Records for processing

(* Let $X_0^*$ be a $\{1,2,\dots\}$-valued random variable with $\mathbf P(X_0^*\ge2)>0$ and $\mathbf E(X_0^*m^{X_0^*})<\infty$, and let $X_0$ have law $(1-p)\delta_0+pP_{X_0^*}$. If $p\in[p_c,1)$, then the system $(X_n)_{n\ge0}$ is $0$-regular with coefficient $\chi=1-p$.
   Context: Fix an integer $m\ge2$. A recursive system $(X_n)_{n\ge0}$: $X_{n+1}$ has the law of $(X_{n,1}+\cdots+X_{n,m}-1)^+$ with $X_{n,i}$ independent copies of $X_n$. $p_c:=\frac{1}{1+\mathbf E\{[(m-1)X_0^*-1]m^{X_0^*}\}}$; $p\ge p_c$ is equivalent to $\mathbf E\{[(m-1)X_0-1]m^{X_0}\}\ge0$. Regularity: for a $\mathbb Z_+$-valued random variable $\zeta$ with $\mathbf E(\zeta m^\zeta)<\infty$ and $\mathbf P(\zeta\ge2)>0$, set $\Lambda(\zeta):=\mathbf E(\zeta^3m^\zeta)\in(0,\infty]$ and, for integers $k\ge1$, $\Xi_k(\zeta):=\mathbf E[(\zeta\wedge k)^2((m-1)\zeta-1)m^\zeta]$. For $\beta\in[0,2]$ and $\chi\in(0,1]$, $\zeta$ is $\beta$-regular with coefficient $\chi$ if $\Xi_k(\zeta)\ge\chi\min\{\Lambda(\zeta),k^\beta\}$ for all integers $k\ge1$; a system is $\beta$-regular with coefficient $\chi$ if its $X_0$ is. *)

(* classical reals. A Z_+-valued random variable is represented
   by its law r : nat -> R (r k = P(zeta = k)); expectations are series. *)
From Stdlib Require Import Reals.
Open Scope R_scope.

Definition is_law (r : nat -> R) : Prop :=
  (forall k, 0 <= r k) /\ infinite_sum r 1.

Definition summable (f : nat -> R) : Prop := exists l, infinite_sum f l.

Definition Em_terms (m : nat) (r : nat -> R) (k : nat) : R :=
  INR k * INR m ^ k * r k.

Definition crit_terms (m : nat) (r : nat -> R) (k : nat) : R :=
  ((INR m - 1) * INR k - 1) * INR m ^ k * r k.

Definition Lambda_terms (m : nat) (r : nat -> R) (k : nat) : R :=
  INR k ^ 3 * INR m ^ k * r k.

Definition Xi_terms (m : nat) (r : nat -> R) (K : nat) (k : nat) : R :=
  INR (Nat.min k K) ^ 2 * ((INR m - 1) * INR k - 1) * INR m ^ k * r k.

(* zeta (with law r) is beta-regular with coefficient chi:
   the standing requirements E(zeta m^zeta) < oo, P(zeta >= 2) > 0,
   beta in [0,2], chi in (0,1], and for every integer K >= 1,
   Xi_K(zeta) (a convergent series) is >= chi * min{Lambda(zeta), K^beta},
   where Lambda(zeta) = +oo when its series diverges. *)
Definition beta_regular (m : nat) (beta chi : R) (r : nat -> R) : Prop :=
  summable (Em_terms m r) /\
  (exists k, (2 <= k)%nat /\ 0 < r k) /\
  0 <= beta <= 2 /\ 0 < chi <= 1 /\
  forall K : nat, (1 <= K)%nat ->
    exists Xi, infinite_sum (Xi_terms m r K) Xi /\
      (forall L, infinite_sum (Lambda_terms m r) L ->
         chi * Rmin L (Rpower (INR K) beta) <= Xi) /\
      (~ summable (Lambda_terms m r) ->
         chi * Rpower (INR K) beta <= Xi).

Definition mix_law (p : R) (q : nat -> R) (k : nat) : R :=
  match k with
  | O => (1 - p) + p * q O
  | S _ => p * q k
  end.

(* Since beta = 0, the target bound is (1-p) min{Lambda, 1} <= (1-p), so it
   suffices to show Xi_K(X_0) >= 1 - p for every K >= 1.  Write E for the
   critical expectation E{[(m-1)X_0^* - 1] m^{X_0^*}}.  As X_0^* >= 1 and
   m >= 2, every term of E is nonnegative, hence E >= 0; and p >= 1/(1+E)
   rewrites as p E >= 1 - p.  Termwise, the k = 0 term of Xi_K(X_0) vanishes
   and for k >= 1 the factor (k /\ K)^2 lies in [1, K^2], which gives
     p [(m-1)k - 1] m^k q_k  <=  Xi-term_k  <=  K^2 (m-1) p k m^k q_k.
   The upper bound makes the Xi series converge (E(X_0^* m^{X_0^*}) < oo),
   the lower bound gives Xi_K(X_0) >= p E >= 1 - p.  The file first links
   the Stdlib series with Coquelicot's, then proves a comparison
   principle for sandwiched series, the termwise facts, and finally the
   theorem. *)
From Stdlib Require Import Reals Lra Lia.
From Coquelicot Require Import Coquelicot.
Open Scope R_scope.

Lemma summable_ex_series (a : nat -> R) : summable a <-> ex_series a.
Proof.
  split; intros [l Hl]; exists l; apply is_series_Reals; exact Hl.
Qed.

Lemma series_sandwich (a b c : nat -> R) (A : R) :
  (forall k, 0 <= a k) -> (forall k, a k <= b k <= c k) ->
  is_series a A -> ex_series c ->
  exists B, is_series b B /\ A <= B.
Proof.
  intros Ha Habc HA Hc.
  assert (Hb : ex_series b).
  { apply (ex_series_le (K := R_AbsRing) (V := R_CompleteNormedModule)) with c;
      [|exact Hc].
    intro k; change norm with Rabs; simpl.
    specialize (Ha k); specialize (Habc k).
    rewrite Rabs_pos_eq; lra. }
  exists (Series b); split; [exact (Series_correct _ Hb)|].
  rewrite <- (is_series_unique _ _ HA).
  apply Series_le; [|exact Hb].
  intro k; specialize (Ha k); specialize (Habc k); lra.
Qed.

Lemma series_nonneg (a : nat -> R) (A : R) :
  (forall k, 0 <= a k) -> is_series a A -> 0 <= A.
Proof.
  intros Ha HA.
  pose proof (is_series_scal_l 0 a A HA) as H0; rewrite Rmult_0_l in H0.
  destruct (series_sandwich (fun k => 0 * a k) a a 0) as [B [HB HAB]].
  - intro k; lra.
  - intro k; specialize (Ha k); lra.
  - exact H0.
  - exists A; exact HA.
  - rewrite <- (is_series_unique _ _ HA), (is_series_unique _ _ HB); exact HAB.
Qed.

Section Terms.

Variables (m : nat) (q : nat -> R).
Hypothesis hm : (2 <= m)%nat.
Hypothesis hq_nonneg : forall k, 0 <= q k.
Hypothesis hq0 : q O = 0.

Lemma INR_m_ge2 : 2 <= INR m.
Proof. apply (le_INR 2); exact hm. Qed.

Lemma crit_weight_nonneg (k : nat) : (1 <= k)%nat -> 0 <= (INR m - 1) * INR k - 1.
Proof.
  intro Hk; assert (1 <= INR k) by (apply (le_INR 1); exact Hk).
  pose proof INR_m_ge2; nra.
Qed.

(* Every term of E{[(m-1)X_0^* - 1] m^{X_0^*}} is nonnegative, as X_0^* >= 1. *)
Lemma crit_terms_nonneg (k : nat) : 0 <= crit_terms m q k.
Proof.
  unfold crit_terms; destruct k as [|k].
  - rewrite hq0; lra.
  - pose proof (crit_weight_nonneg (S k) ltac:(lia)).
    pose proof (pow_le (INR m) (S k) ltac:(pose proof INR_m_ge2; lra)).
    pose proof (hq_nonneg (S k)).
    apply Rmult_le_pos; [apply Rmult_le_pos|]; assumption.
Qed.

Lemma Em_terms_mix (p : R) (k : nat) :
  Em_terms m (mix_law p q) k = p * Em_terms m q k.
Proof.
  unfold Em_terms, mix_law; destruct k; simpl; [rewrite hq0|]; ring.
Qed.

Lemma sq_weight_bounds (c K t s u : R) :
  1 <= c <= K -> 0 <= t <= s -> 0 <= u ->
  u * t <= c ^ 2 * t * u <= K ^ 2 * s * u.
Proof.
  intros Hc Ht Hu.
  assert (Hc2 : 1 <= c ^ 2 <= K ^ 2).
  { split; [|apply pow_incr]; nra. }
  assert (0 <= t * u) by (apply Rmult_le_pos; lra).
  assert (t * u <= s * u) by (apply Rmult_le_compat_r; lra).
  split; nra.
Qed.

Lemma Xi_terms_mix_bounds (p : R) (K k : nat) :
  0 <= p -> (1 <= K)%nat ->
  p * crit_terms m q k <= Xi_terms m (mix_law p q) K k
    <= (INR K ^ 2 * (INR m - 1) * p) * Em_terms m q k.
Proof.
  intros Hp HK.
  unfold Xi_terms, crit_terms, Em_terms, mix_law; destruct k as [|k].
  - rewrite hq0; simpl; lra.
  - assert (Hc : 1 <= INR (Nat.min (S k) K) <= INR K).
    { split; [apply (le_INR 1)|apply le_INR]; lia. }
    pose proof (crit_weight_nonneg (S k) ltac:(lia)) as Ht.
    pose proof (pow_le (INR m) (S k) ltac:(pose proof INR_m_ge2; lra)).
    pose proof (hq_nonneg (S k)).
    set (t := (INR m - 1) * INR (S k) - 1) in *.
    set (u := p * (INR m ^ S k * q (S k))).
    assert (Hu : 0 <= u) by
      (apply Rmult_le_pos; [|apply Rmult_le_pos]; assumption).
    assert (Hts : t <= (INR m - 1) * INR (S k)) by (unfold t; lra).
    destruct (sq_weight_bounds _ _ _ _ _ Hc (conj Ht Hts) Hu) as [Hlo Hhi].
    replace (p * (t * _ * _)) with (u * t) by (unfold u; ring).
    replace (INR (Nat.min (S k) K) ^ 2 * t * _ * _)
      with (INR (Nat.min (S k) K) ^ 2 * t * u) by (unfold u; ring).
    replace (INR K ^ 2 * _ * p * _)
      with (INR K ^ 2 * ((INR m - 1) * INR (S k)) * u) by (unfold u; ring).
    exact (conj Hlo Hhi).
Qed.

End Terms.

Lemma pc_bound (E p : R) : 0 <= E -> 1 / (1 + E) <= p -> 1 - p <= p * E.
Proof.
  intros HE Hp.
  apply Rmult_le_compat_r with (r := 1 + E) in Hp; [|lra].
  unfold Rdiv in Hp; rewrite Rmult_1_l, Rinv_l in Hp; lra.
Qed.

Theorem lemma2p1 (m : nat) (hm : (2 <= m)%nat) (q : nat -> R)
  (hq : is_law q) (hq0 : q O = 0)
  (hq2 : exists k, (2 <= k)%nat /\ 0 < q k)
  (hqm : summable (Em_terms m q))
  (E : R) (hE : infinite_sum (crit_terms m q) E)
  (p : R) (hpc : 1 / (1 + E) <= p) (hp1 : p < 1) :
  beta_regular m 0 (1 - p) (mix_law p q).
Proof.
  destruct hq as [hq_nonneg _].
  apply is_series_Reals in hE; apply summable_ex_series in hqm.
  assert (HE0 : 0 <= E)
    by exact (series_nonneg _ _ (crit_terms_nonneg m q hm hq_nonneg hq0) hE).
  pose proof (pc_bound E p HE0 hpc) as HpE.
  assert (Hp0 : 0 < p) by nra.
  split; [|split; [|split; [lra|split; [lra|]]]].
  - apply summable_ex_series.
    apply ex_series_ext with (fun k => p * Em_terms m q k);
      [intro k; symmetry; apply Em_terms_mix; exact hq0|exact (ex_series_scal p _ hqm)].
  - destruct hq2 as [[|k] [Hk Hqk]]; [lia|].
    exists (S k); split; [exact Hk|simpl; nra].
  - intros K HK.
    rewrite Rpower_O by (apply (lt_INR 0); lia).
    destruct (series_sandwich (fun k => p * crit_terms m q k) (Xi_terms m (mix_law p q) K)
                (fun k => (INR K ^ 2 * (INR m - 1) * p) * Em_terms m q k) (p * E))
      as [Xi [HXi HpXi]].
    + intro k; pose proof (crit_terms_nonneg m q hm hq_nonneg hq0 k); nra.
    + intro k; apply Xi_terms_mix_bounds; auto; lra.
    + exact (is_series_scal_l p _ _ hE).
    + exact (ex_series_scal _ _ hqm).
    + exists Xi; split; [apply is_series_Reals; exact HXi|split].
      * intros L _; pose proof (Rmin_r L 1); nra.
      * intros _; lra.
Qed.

Task
Where does "From" appear in the records above? Copy each line that holds it.

Finished task
From Stdlib Require Import Reals.
From Stdlib Require Import Reals Lra Lia.
From Coquelicot Require Import Coquelicot.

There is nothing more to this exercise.